PROBLEM REQUIREMENTS:
Go from the first line below to the one with "modulo the maximal ideal, to" and print each line exactly.

(Dataset entries)
Definition ext_ideal (R S : finComUnitRingType) (iota : {rmorphism R -> S}) (s : S) : Prop :=
  exists (k : nat) (r : 'I_k -> R) (t : 'I_k -> S),
    (forall i, r i \in max_ideal R) /\ s = \sum_(i < k) iota (r i) * t i.

(* S is (isomorphic, via iota and theta, to) R[x]/(h): theta is a root of h and
   1, theta, ..., theta^(m-1) is an R-basis of S, m = deg h. *)
Definition is_quotient_by (R S : finComUnitRingType) (iota : {rmorphism R -> S})
    (h : {poly R}) (theta : S) : Prop :=
  (map_poly iota h).[theta] = 0 /\
  bijective (fun r : {ffun 'I_(size h).-1 -> R} =>
               \sum_(i < (size h).-1) iota (r i) * theta ^+ i).

(* Skew polynomial evaluation. A skew polynomial F = sum_i F_i x^i in
   S[x;sigma] is represented by its coefficient list (a {poly S}); degrees
   and equality are coefficientwise, so this is faithful. *)
Definition Nnorm (S : finComUnitRingType) (sigma : S -> S) (i : nat) (a : S) : S :=
  \prod_(k < i) iter k sigma a.

Definition Dop (S : finComUnitRingType) (sigma : S -> S) (a : S) (i : nat) (b : S) : S :=
  iter i sigma b * Nnorm sigma i a.

Definition skew_eval (S : finComUnitRingType) (sigma : S -> S) (F : {poly S}) (a b : S) : S :=
  \sum_(i < size F) F`_i * Dop sigma a i b.

Definition sconj (S : finComUnitRingType) (sigma : S -> S) (a b : S) : S :=
  sigma b * a * b^-1.

From HB Require Import structures.
From mathcomp Require Import all_boot all_order all_algebra all_fingroup.
From mathcomp Require Import ring.
Set Implicit Arguments. Unset Strict Implicit. Unset Printing Implicit Defensive.
Import GRing.Theory.
Local Open Scope ring_scope.

(* Interpolation proceeds node by node. For nodes (a_1, beta_1), ..., (a_n, beta_n)
   one builds by induction a monic P = (x - b_n) ... (x - b_1) of degree n vanishing
   at them, with the invariant that P_a(u) is a non-unit exactly when u is congruent,
   modulo the maximal ideal, to an R-combination of the earlier betas attached to a.
   The R-independence of these betas and the non-conjugacy of the a's then make P a
   unit at the next node, which yields both the next factor and the correction
   F + s P of the interpolant; uniqueness holds because a polynomial of degree < n
   vanishing at such n nodes is zero.
   The invariant rests on three facts about R in S: S is local, an element fixed by
   sigma modulo the maximal ideal is congruent to an element of R (these are the
   roots of X^q - X), and a nonzero element of R killing m kills the maximal ideal
   of S (by the Frobenius congruence and the finite order of sigma). *)

Section SkewEvaluation.
Variables (S : finComUnitRingType) (sigma : {rmorphism S -> S}).
Local Notation ev F a b := (skew_eval sigma F a b).

Lemma iter_rmorphD k (x y : S) : iter k sigma (x + y) = iter k sigma x + iter k sigma y.
Proof. by elim: k => //= k ->; rewrite rmorphD. Qed.

Lemma iter_rmorphM k (x y : S) : iter k sigma (x * y) = iter k sigma x * iter k sigma y.
Proof. by elim: k => //= k ->; rewrite rmorphM. Qed.

Lemma iter_fixed k (x : S) : sigma x = x -> iter k sigma x = x.
Proof. by move=> sx; elim: k => //= k ->. Qed.

Lemma Dop0 a b : Dop sigma a 0 b = b.
Proof. by rewrite /Dop /Nnorm big_ord0 mulr1. Qed.

Lemma DopS i a b : Dop sigma a i.+1 b = sigma (Dop sigma a i b) * a.
Proof.
rewrite /Dop /Nnorm big_ord_recl [_ * a]mulrC rmorphM rmorph_prod /= -iterS.
by rewrite mulrCA mulrA.
Qed.

Lemma Dop_fixed_linear c a i u v : sigma c = c ->
  Dop sigma a i (c * u + v) = c * Dop sigma a i u + Dop sigma a i v.
Proof.
by move=> sc; rewrite /Dop iter_rmorphD iter_rmorphM iter_fixed // mulrDl mulrA.
Qed.

Lemma skew_eval_widen (F : {poly S}) a b N : (size F <= N)%N ->
  ev F a b = \sum_(i < N) F`_i * Dop sigma a i b.
Proof.
move=> hN; rewrite /skew_eval (big_ord_widen N (fun i => F`_i * Dop sigma a i b) hN).
rewrite [RHS](bigID (fun i : 'I_N => (i < size F)%N)) /= [X in _ = _ + X]big1 ?addr0 //.
by move=> i; rewrite -leqNgt => hi; rewrite nth_default // mul0r.
Qed.

Lemma skew_eval1 a b : ev 1 a b = b.
Proof. by rewrite /skew_eval size_poly1 big_ord1 coefC eqxx mul1r Dop0. Qed.

Lemma skew_evalD (F G : {poly S}) a b : ev (F + G) a b = ev F a b + ev G a b.
Proof.
pose N := maxn (size F) (size G).
rewrite (@skew_eval_widen F a b N) ?leq_maxl // (@skew_eval_widen G a b N) ?leq_maxr //.
rewrite (@skew_eval_widen (F + G) a b N) ?(leq_trans (size_polyD _ _)) // -big_split /=.
by apply: eq_bigr => i _; rewrite coefD mulrDl.
Qed.

Lemma skew_evalZ s (F : {poly S}) a b : ev (s *: F) a b = s * ev F a b.
Proof.
rewrite (skew_eval_widen a b (size_scale_leq s F)) /skew_eval mulr_sumr.
by apply: eq_bigr => i _; rewrite coefZ mulrA.
Qed.

Lemma skew_evalB (F G : {poly S}) a b : ev (F - G) a b = ev F a b - ev G a b.
Proof. by rewrite skew_evalD -scaleN1r skew_evalZ mulN1r. Qed.

Lemma skew_eval_fixed_linear c (F : {poly S}) a u v : sigma c = c ->
  ev F a (c * u + v) = c * ev F a u + ev F a v.
Proof.
move=> sc; rewrite /skew_eval mulr_sumr -big_split; apply: eq_bigr => i _ /=.
by rewrite Dop_fixed_linear // mulrDr mulrCA.
Qed.

(* The coefficients of the skew product (x - b) P in S[x;sigma]. *)
Definition skew_mulXsub (b : S) (P : {poly S}) : {poly S} :=
  \poly_(i < (size P).+1) ((if i is i'.+1 then sigma P`_i' else 0) - b * P`_i).

Lemma skew_eval_mulXsub b P a u :
  ev (skew_mulXsub b P) a u = sigma (ev P a u) * a - b * ev P a u.
Proof.
rewrite (skew_eval_widen a u (size_poly _ _)) (skew_eval_widen a u (leqnSn (size P))).
rewrite /skew_eval rmorph_sum mulr_suml mulr_sumr.
under eq_bigr => i _ do rewrite coef_poly ltn_ord mulrBl -mulrA.
rewrite sumrB; congr (_ - _).
rewrite big_ord_recl /= mul0r add0r big_ord_recr /= nth_default // !mul0r rmorph0 mul0r addr0.
by apply: eq_bigr => i _; rewrite /bump /= add1n add0n DopS [in RHS]rmorphM mulrA.
Qed.

Lemma skew_mulXsub_monic b P : P \is monic ->
  skew_mulXsub b P \is monic /\ size (skew_mulXsub b P) = (size P).+1.
Proof.
move=> Pm; have [k sP] : exists k, size P = k.+1.
  by exists (size P).-1; rewrite prednK // size_poly_gt0 monic_neq0.
have lead : (skew_mulXsub b P)`_k.+1 = 1.
  have Pk : P`_k = 1 by rewrite -(monicP Pm) lead_coefE sP.
  by rewrite coef_poly sP ltnSn Pk rmorph1 nth_default ?sP // mulr0 subr0.
have size_eq : size (skew_mulXsub b P) = k.+2.
  apply/eqP; rewrite eqn_leq -{1}sP size_poly /= ltnNge.
  by apply/negP => /leq_sizeP/(_ _ (leqnn _)); rewrite lead; apply/eqP; exact: oner_neq0.
by rewrite monicE lead_coefE size_eq lead sP.
Qed.

End SkewEvaluation.

Definition local_ring (T : comUnitRingType) :=
  forall x y : T, x \isn't a GRing.unit -> y \isn't a GRing.unit ->
    x + y \isn't a GRing.unit.

Lemma nonunitMr (T : comUnitRingType) (x y : T) :
  x \isn't a GRing.unit -> x * y \isn't a GRing.unit.
Proof. by rewrite unitrM; apply: contra => /andP[]. Qed.

Lemma nonunitMl (T : comUnitRingType) (x y : T) :
  y \isn't a GRing.unit -> x * y \isn't a GRing.unit.
Proof. by rewrite mulrC; apply: nonunitMr. Qed.

Section LocalRing.
Variable T : comUnitRingType.
Hypothesis Tloc : local_ring T.

Lemma nonunitB (x y : T) : x \isn't a GRing.unit -> y \isn't a GRing.unit ->
  x - y \isn't a GRing.unit.
Proof. by move=> nx ny; apply: Tloc; rewrite ?unitrN. Qed.

Lemma unitrD_nonunit (x y : T) : x \is a GRing.unit -> y \isn't a GRing.unit ->
  x + y \is a GRing.unit.
Proof.
move=> ux ny; apply: contraT => nxy.
by have := Tloc nxy (y := - y); rewrite unitrN addrK ux => /(_ ny).
Qed.

Lemma monic_nonunit_roots (p : {poly T}) (s : seq T) : p \is monic ->
  pairwise (fun x y => x - y \is a GRing.unit) s ->
  (forall x, x \in s -> p.[x] \isn't a GRing.unit) -> (size s < size p)%N.
Proof.
elim: s p => [|x s IH] p pm /=; first by rewrite size_poly_gt0 monic_neq0.
case/andP => /allP incong_x incong_s roots.
have px : p.[x] \isn't a GRing.unit by apply: roots; rewrite mem_head.
have p_gt1 : (1 < size p)%N.
  rewrite ltnNge; apply/negP => /size1_polyC p_const; move: px.
  have p0 : p`_0 = 1 by rewrite -(monicP pm) [in RHS]p_const lead_coefC.
  by rewrite p_const hornerC p0 unitr1.
have px_small : (size (- p.[x]%:P) < size p)%N.
  by rewrite size_polyN size_polyC (leq_ltn_trans (leq_b1 _)).
have [q p_eq] : exists q, p - p.[x]%:P = q * ('X - x%:P).
  by apply/factor_theorem; rewrite /root !hornerE subrr.
have qm : q \is monic.
  by rewrite -(monicMr q (monicXsubC x)) -p_eq monicE lead_coefDl // (monicP pm).
have size_q : size q = (size p).-1.
  rewrite -(size_polyDl px_small) p_eq size_Mmonic ?monic_neq0 ?monicXsubC //.
  by rewrite size_XsubC addn2.
have : (size s < size q)%N.
  apply: IH => // y ys.
  have : (p - p.[x]%:P).[y] \isn't a GRing.unit.
    rewrite !hornerE; apply: nonunitB => //.
    by apply: roots; rewrite in_cons ys orbT.
  by rewrite p_eq hornerM !hornerE unitrM -opprB unitrN incong_x // andbT.
by rewrite size_q; case: (size p) p_gt1.
Qed.

End LocalRing.

Definition fiber (T : eqType) (pts : seq (T * T)) (x : T) : seq T :=
  [seq p.2 | p <- pts & p.1 == x].

Lemma fiber_rcons (T : eqType) (pts : seq (T * T)) p x :
  fiber (rcons pts p) x = if p.1 == x then rcons (fiber pts x) p.2 else fiber pts x.
Proof. by rewrite /fiber filter_rcons; case: ifP; rewrite ?map_rcons. Qed.

Section Interpolation.
Variables (R : nzRingType) (S : finComUnitRingType) (iota : {rmorphism R -> S}).
Variable sigma : {rmorphism S -> S}.
Hypothesis HS_local : local_ring S.
Hypothesis Hsigma_nonunit : forall x, x \isn't a GRing.unit -> sigma x \isn't a GRing.unit.
Hypothesis Hsigma_iota : forall r, sigma (iota r) = iota r.
Hypothesis Hresidue_fixed : forall rho, sigma rho - rho \isn't a GRing.unit ->
  exists r, rho - iota r \isn't a GRing.unit.
Variable z : R.
Hypothesis Hz_neq0 : z != 0.
Hypothesis Hz_ann : forall x, x \isn't a GRing.unit -> iota z * x = 0.
Variable A : S -> Prop.
Hypothesis HA_unit : forall x, A x -> x \is a GRing.unit.
Hypothesis HA_nonconj : forall x y, A x -> A y -> x <> y ->
  forall d, d \is a GRing.unit -> sconj sigma x d - y \is a GRing.unit.

Local Notation ev F x u := (skew_eval sigma F x u).

Definition comb (L : seq S) (r : nat -> R) := \sum_(t < size L) iota (r t) * L`_t.

Definition free_over (L : seq S) :=
  forall r, comb L r = 0 -> forall t, (t < size L)%N -> r t = 0.

Definition near_span (L : seq S) u := exists r, u - comb L r \isn't a GRing.unit.

Lemma comb_rcons L b r : comb (rcons L b) r = comb L r + iota (r (size L)) * b.
Proof.
rewrite /comb size_rcons big_ord_recr /= nth_rcons ltnn eqxx; congr (_ + _).
by apply: eq_bigr => t _; rewrite nth_rcons ltn_ord.
Qed.

Lemma eq_comb L r r' : (forall t, (t < size L)%N -> r t = r' t) -> comb L r = comb L r'.
Proof. by move=> rr'; apply: eq_bigr => t _; rewrite rr'. Qed.

Lemma free_over_rcons L b : free_over (rcons L b) -> free_over L.
Proof.
move=> free r rL0 t tL; pose r' t := if (t < size L)%N then r t else 0.
have := free r'; rewrite comb_rcons /r' ltnn rmorph0 mul0r addr0 size_rcons.
rewrite (@eq_comb _ _ r) => [/(_ rL0 t (ltnW tL)) | t' ->] //.
by rewrite tL.
Qed.

(* Multiplying a congruence modulo the maximal ideal by z gives an exact relation. *)
Lemma free_over_rcons_near_span L b : free_over (rcons L b) -> ~ near_span L b.
Proof.
move=> free [r /Hz_ann]; rewrite mulrBr /comb mulr_sumr => rel.
pose r' t := if (t < size L)%N then - (z * r t) else z.
have := free r'; rewrite comb_rcons /r' ltnn /comb.
rewrite (eq_bigr (fun t : 'I_(size L) => - (iota z * (iota (r t) * L`_t)))) => [|t _].
  rewrite sumrN addrC rel => /(_ erefl (size L)); rewrite size_rcons ltnSn.
  by rewrite ltnn => /(_ erefl) /eqP; rewrite (negbTE Hz_neq0).
by rewrite ltn_ord rmorphN rmorphM mulNr mulrA.
Qed.

Lemma near_span_rcons L b u :
  near_span (rcons L b) u <-> exists r0, near_span L (u - iota r0 * b).
Proof.
split=> [[r] | [r0 [r]]].
  by rewrite comb_rcons opprD addrA addrAC => nu; exists (r (size L)), r.
pose r' t := if t == size L then r0 else r t.
exists r'; rewrite comb_rcons /r' eqxx (@eq_comb _ _ r) => [|t tL].
  by rewrite opprD addrA addrAC.
by rewrite ifN // neq_ltn tL.
Qed.

Lemma free_over_family n (f : 'I_n -> S) :
  (forall r : 'I_n -> R, \sum_(j < n) iota (r j) * f j = 0 -> forall j, r j = 0) ->
  free_over [seq f j | j <- enum 'I_n].
Proof.
move=> free r; rewrite /comb -(big_mkord xpredT (fun t => iota (r t) * _`_t)).
rewrite size_map size_enum_ord big_mkord => rel t tn.
apply: (free (fun j => r j) _ (Ordinal tn)); apply: etrans rel; apply: eq_bigr => j _.
by rewrite (nth_map j) ?size_enum_ord // nth_ord_enum.
Qed.

Definition admissible (pts : seq (S * S)) :=
  (forall p, p \in pts -> A p.1) /\ forall x, free_over (fiber pts x).

Lemma admissible_rcons pts p : admissible (rcons pts p) -> admissible pts.
Proof.
move=> [pts_A pts_free]; split=> [q qpts | x].
  by apply: pts_A; rewrite mem_rcons in_cons qpts orbT.
by have := pts_free x; rewrite fiber_rcons; case: ifP => // _; apply: free_over_rcons.
Qed.

Lemma skew_eval_subZ F x u v r :
  ev F x (u - iota r * v) = ev F x u - iota r * ev F x v.
Proof.
rewrite addrC -mulNr skew_eval_fixed_linear ?rmorphN ?Hsigma_iota //.
by rewrite mulNr addrC.
Qed.

Lemma sigma_sub_nonunit rho :
  (sigma rho - rho \isn't a GRing.unit) <-> exists r, rho - iota r \isn't a GRing.unit.
Proof.
split=> [|[r nr]]; first exact: Hresidue_fixed.
have -> : sigma rho - rho = sigma (rho - iota r) - (rho - iota r).
  by rewrite rmorphB Hsigma_iota opprB addrA subrK.
by apply: (nonunitB HS_local); rewrite ?Hsigma_nonunit.
Qed.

ANSWER FOR THIS EXERCISE:
Definition ext_ideal (R S : finComUnitRingType) (iota : {rmorphism R -> S}) (s : S) : Prop :=
  exists (k : nat) (r : 'I_k -> R) (t : 'I_k -> S),
    (forall i, r i \in max_ideal R) /\ s = \sum_(i < k) iota (r i) * t i.

(* S is (isomorphic, via iota and theta, to) R[x]/(h): theta is a root of h and
   1, theta, ..., theta^(m-1) is an R-basis of S, m = deg h. *)
Definition is_quotient_by (R S : finComUnitRingType) (iota : {rmorphism R -> S})
    (h : {poly R}) (theta : S) : Prop :=
  (map_poly iota h).[theta] = 0 /\
  bijective (fun r : {ffun 'I_(size h).-1 -> R} =>
               \sum_(i < (size h).-1) iota (r i) * theta ^+ i).

(* Skew polynomial evaluation. A skew polynomial F = sum_i F_i x^i in
   S[x;sigma] is represented by its coefficient list (a {poly S}); degrees
   and equality are coefficientwise, so this is faithful. *)
Definition Nnorm (S : finComUnitRingType) (sigma : S -> S) (i : nat) (a : S) : S :=
  \prod_(k < i) iter k sigma a.

Definition Dop (S : finComUnitRingType) (sigma : S -> S) (a : S) (i : nat) (b : S) : S :=
  iter i sigma b * Nnorm sigma i a.

Definition skew_eval (S : finComUnitRingType) (sigma : S -> S) (F : {poly S}) (a b : S) : S :=
  \sum_(i < size F) F`_i * Dop sigma a i b.

Definition sconj (S : finComUnitRingType) (sigma : S -> S) (a b : S) : S :=
  sigma b * a * b^-1.

From HB Require Import structures.
From mathcomp Require Import all_boot all_order all_algebra all_fingroup.
From mathcomp Require Import ring.
Set Implicit Arguments. Unset Strict Implicit. Unset Printing Implicit Defensive.
Import GRing.Theory.
Local Open Scope ring_scope.

(* Interpolation proceeds node by node. For nodes (a_1, beta_1), ..., (a_n, beta_n)
   one builds by induction a monic P = (x - b_n) ... (x - b_1) of degree n vanishing
   at them, with the invariant that P_a(u) is a non-unit exactly when u is congruent,
   modulo the maximal ideal, to an R-combination of the earlier betas attached to a.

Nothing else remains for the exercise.